The civilized grafted mango trees we have now are nothing like the ancient, wild trees whose small fruit tasted like turpentine and had the texture of nylon yarn. The old test of a mango fruit was it's stringiness, it's fiber content. You used to judge a mango by how much dental floss it had. The advent of the free exchange of scientific and agricultural data changed all that. Grafting began to be widely practiced.

Page 4: Report by ariefhidayat

Mango fruit from seeds is never the same as the mother tree's fruit. So the seed out of a great tasting fruit will likely produce a tree yielding horrible tasting fibrous fruit. The only certain way to be sure you'll have tasty fruit is to propagate (by grafting, and in some cases cloning) an existing particular, individual tree (DNA-wise) whose quality is proven.

Page 5: Report by ariefhidayat

The odds of a seed producing worthwhile fruit are very, very small. Like one in a hundred million.All mango trees grown from any seed are properly called "Wild Mango Trees". These trees, at 2 foot tall no more, are suitable to graft to but are only worth about $.25 each. Don't sprout a mango seed unless you are able to finish the job by grafting onto it!

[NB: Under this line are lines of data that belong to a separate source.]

(* Let $\{G_i\}_{i\in I}$ be a family of perfect groups (i.e. $G_i=G_i'$ for all $i$). Let $\mathcal{V}$ be either the variety of abelian groups, or a variety $\mathcal{N}_c$ of nilpotent groups of class at most $c$ ($c\ge1$), or a polynilpotent variety $\mathcal{N}_{c_1,\dots,c_s}$. Then $\prod_{i\in I}G_i$ is $\mathcal{V}$-capable if and only if each $G_i$ is $\mathcal{V}$-capable.
   Context: $\prod_{i\in I}G_i$ is the restricted direct product (elements with only finitely many nontrivial coordinates). $\mathcal{N}_{c_1,\dots,c_s}$ is the variety of groups $G$ with $\gamma_{c_s+1}(\cdots\gamma_{c_1+1}(G)\cdots)=1$, $\gamma_k$ the lower central series. For a variety $\mathcal{V}$ with laws $V$, the marginal subgroup $V^*(E)$ of a group $E$ is the set of $g\in E$ with $v(x_1,\dots,gx_i,\dots,x_n)=v(x_1,\dots,x_n)$ for all laws $v\in V$, all $x_j\in E$ and all $i$; $G$ is $\mathcal{V}$-capable if $G\cong E/V^*(E)$ for some group $E$ (for the abelian variety this is ordinary capability, $G\cong E/Z(E)$). *)

From Stdlib Require Import List Arith PeanoNat ProofIrrelevance FunctionalExtensionality.
Import ListNotations.
Set Implicit Arguments.

Record group := Group {
  carrier :> Type;
  gmul : carrier -> carrier -> carrier;
  ginv : carrier -> carrier;
  gone : carrier;
  gmulA : forall x y z, gmul x (gmul y z) = gmul (gmul x y) z;
  gmul1l : forall x, gmul gone x = x;
  gmul1r : forall x, gmul x gone = x;
  gmulVl : forall x, gmul (ginv x) x = gone;
  gmulVr : forall x, gmul x (ginv x) = gone }.
Arguments gmul {g}. Arguments ginv {g}. Arguments gone {g}.

Definition is_hom (E G : group) (f : E -> G) : Prop :=
  forall x y, f (gmul x y) = gmul (f x) (f y).
Arguments is_hom {E G}.

Definition comm (E : group) (x y : E) : E :=
  gmul (gmul (gmul (ginv x) (ginv y)) x) y.
Arguments comm {E}.

(** Left-normed commutator [x_0, x_1, ..., x_c]  (the word defining N_c). *)
Fixpoint lcomm (E : group) (c : nat) (x : nat -> E) : E :=
  match c with
  | 0 => x 0
  | S c' => @comm E (lcomm E c' x) (x (S c'))
  end.
Arguments lcomm {E}.

(** Polynilpotent word for N_{c_1,...,c_s}, cs = [c_1; ...; c_s].
    A word is represented together with its number of variables n;
    step c (n, w) = (  (c+1) n,  [w(x_0..x_{n-1}), w(x_n..), ..., w(x_{cn}..)] ). *)
Definition pstep (E : group) (p : nat * ((nat -> E) -> E)) (c : nat)
  : nat * ((nat -> E) -> E) :=
  let (n, w) := p in
  (S c * n, fun x => lcomm c (fun j => w (fun k => x (j * n + k)))).

Definition polyword (cs : list nat) (E : group) : (nat -> E) -> E :=
  snd (fold_left (@pstep E) cs (1, fun x : nat -> E => x 0)).
Arguments polyword cs {E}.

Definition upd (E : group) (x : nat -> E) (i : nat) (a : E) : nat -> E :=
  fun k => if Nat.eqb k i then a else x k.
Arguments upd {E}.

Definition marginal (cs : list nat) (E : group) (g : E) : Prop :=
  forall (x : nat -> E) (i : nat),
    polyword cs (upd x i (gmul g (x i))) = polyword cs x.
Arguments marginal cs {E}.

(** G is V-capable: G is isomorphic to E / V*(E) for some group E, i.e.
    there is a surjective homomorphism E -> G whose kernel is V*(E). *)
Definition capable (cs : list nat) (G : group) : Prop :=
  exists (E : group) (f : E -> G),
    is_hom f /\ (forall y : G, exists e, f e = y) /\
    (forall e : E, f e = gone <-> marginal cs e).

Fixpoint prod_list (E : group) (l : list E) : E :=
  match l with [] => gone | a :: l' => gmul a (prod_list E l') end.
Arguments prod_list {E}.

Definition perfect (G : group) : Prop :=
  forall x : G, exists l : list (G * G),
    x = prod_list (map (fun p => comm (fst p) (snd p)) l).

Section RDP.
Variables (I : Type) (G : I -> group).

Definition fin_supp (f : forall i, G i) : Prop :=
  exists l : list I, forall i, ~ In i l -> f i = gone.

Definition rdp_car := { f : forall i, G i | fin_supp f }.

Lemma ginv1 (H : group) : ginv (@gone H) = gone.
Proof. rewrite <- (gmul1l H (ginv gone)). apply gmulVr. Qed.

Lemma fin_supp_mul (f g : forall i, G i) :
  fin_supp f -> fin_supp g -> fin_supp (fun i => gmul (f i) (g i)).
Proof.
  intros [l1 H1] [l2 H2]. exists (l1 ++ l2). intros i Hi.
  rewrite H1, H2. apply gmul1l.
  - intro; apply Hi; apply in_or_app; right; auto.
  - intro; apply Hi; apply in_or_app; left; auto.
Qed.

Lemma fin_supp_inv (f : forall i, G i) :
  fin_supp f -> fin_supp (fun i => ginv (f i)).
Proof. intros [l H]. exists l. intros i Hi. rewrite H by auto. apply ginv1. Qed.

Lemma fin_supp_one : fin_supp (fun i => gone).
Proof. exists nil. auto. Qed.

Definition rdp_mul (a b : rdp_car) : rdp_car :=
  exist _ (fun i => gmul (proj1_sig a i) (proj1_sig b i))
    (fin_supp_mul (proj2_sig a) (proj2_sig b)).
Definition rdp_inv (a : rdp_car) : rdp_car :=
  exist _ (fun i => ginv (proj1_sig a i)) (fin_supp_inv (proj2_sig a)).
Definition rdp_one : rdp_car := exist _ (fun i => gone) fin_supp_one.

Lemma rdp_eq (a b : rdp_car) : proj1_sig a = proj1_sig b -> a = b.
Proof.
  destruct a as [f p], b as [g q]; simpl; intros ->.
  f_equal; apply proof_irrelevance.
Qed.

Ltac rdp_solve lem :=
  apply rdp_eq; simpl; apply functional_extensionality_dep; intro; apply lem.

Lemma rdp_mulA x y z : rdp_mul x (rdp_mul y z) = rdp_mul (rdp_mul x y) z.
Proof. rdp_solve gmulA. Qed.
Lemma rdp_mul1l x : rdp_mul rdp_one x = x.
Proof. rdp_solve gmul1l. Qed.
Lemma rdp_mul1r x : rdp_mul x rdp_one = x.
Proof. rdp_solve gmul1r. Qed.
Lemma rdp_mulVl x : rdp_mul (rdp_inv x) x = rdp_one.
Proof. rdp_solve gmulVl. Qed.
Lemma rdp_mulVr x : rdp_mul x (rdp_inv x) = rdp_one.
Proof. rdp_solve gmulVr. Qed.

Definition rdp : group :=
  @Group rdp_car rdp_mul rdp_inv rdp_one rdp_mulA rdp_mul1l rdp_mul1r rdp_mulVl rdp_mulVr.
End RDP.

From Stdlib Require Import List Arith Lia.
From Stdlib Require Import ProofIrrelevance FunctionalExtensionality ClassicalEpsilon.
Import ListNotations.
Set Implicit Arguments.

(* If every [G i] is [E i / V*(E i)], the restricted product of the [E i] works, since
   marginality in a restricted product is checked coordinatewise.
   Conversely, let [f : E -> rdp G] be onto with kernel [V*(E)], and let [E_i], [C_i] be the
   preimages of the factor [G i] and of the product of the other factors. A word value does
   not change when its arguments are changed modulo [ker f]; conjugating arguments from [E_i]
   by an element of [C_i] is such a change, so word values on [E_i] centralize [C_i]. A
   perfect group is generated by its word values, hence every element of [G i] lifts to
   [E_i] intersected with the centralizer of [C_i], and every [x] in [E] factors as [z c]
   with such a lift [z] and [c] in [C_i]. The word is multiplicative on these products,
   which turns marginality in [E_i] into marginality in [E]; so [V*(E_i)] is the kernel of
   the restriction [E_i -> G i]. *)


Lemma dep_functional_choice (A : Type) (B : A -> Type) (R : forall a, B a -> Prop) :
  (forall a, exists b, R a b) -> exists g : forall a, B a, forall a, R a (g a).
Proof.
  intro H. exists (fun a => proj1_sig (constructive_indefinite_description _ (H a))).
  intro a. exact (proj2_sig (constructive_indefinite_description _ (H a))).
Qed.

Section GroupFacts.
Context {E : group}.
Implicit Types x y : E.

Lemma mulKg x y : gmul (ginv x) (gmul x y) = y.
Proof. rewrite gmulA, gmulVl. apply gmul1l. Qed.

Lemma mulKVg x y : gmul x (gmul (ginv x) y) = y.
Proof. rewrite gmulA, gmulVr. apply gmul1l. Qed.

Lemma eq_invg_mul x y : gmul x y = gone -> y = ginv x.
Proof. intro H. rewrite <- (mulKg x y), H. apply gmul1r. Qed.

Lemma invMg x y : ginv (gmul x y) = gmul (ginv y) (ginv x).
Proof. symmetry. apply eq_invg_mul. rewrite <- gmulA, mulKVg. apply gmulVr. Qed.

Page 6: Report by ariefhidayat

All good tasting mango varieties are grafted. It's easy with younger trees to see the graft...just look near the base of the trunk and you can see a scar that circles all the way around the trunk. Older trees have the scar too if they are grafted, it's just harder to see. Use a whisk broom to clean off the old bark and dirt from the bottom one foot or so. If necessary use a metal tool to scrape bfrom the root joint up to the first limb. If that doesn't find it, kill it. 

Page 7: Report by ariefhidayat

Watch out for grafted trees that have been frozen back to the stump and all the top (good) part of the graft (scion) has died of the freeze and only the rootstock has survived and branched...such trees, if they do live and re-grow, produce very inferior fruit. It is a good citizen's duty to kill these "fruiting wounded" so that people sampling mangoes for the first time will not taste their unpleasant "free" fruits and form an aversion to all mangoes. A chainsaw to the trunk at the ground line followed by a quart of roundup spread over the stump surface and surrounding area should do it.

Page 8: Report by ariefhidayat

Grafting Is When You Artificially Attach a Tiny Proto-Limb (Bud) of a Desirable Tree to the Lower Trunk of a Similar Tree, Usually a Sapling, Thereby Prolonging the Life and Fruiting Ability of the Desirable Tree. THIS CAN RESULT IN A SINGLE DESIRABLE TREE'S DNA BEING USED FOR AN INDEFINITELY LONG TIME! Like possibly thousands of years!

Page 9: Report by ariefhidayat

Sometimes young trees sprout limbs from BELOW the graft's scar, always kill these limbs because they will produce bad tasting fruits and weaken the good scion above the graft.

Page 10: Report by ariefhidayat

Grafting occurs in nature, for example, when two trees growing too close together constantly rub limbs in the wind scraping them both bare at one spot and they both 'bleed' sap and when the windy season ends they are still pressed together and grow 'joined' together over months into one tree. Grafted. There is this type of 'joining' in root systems too. Many huge groves are really one tree.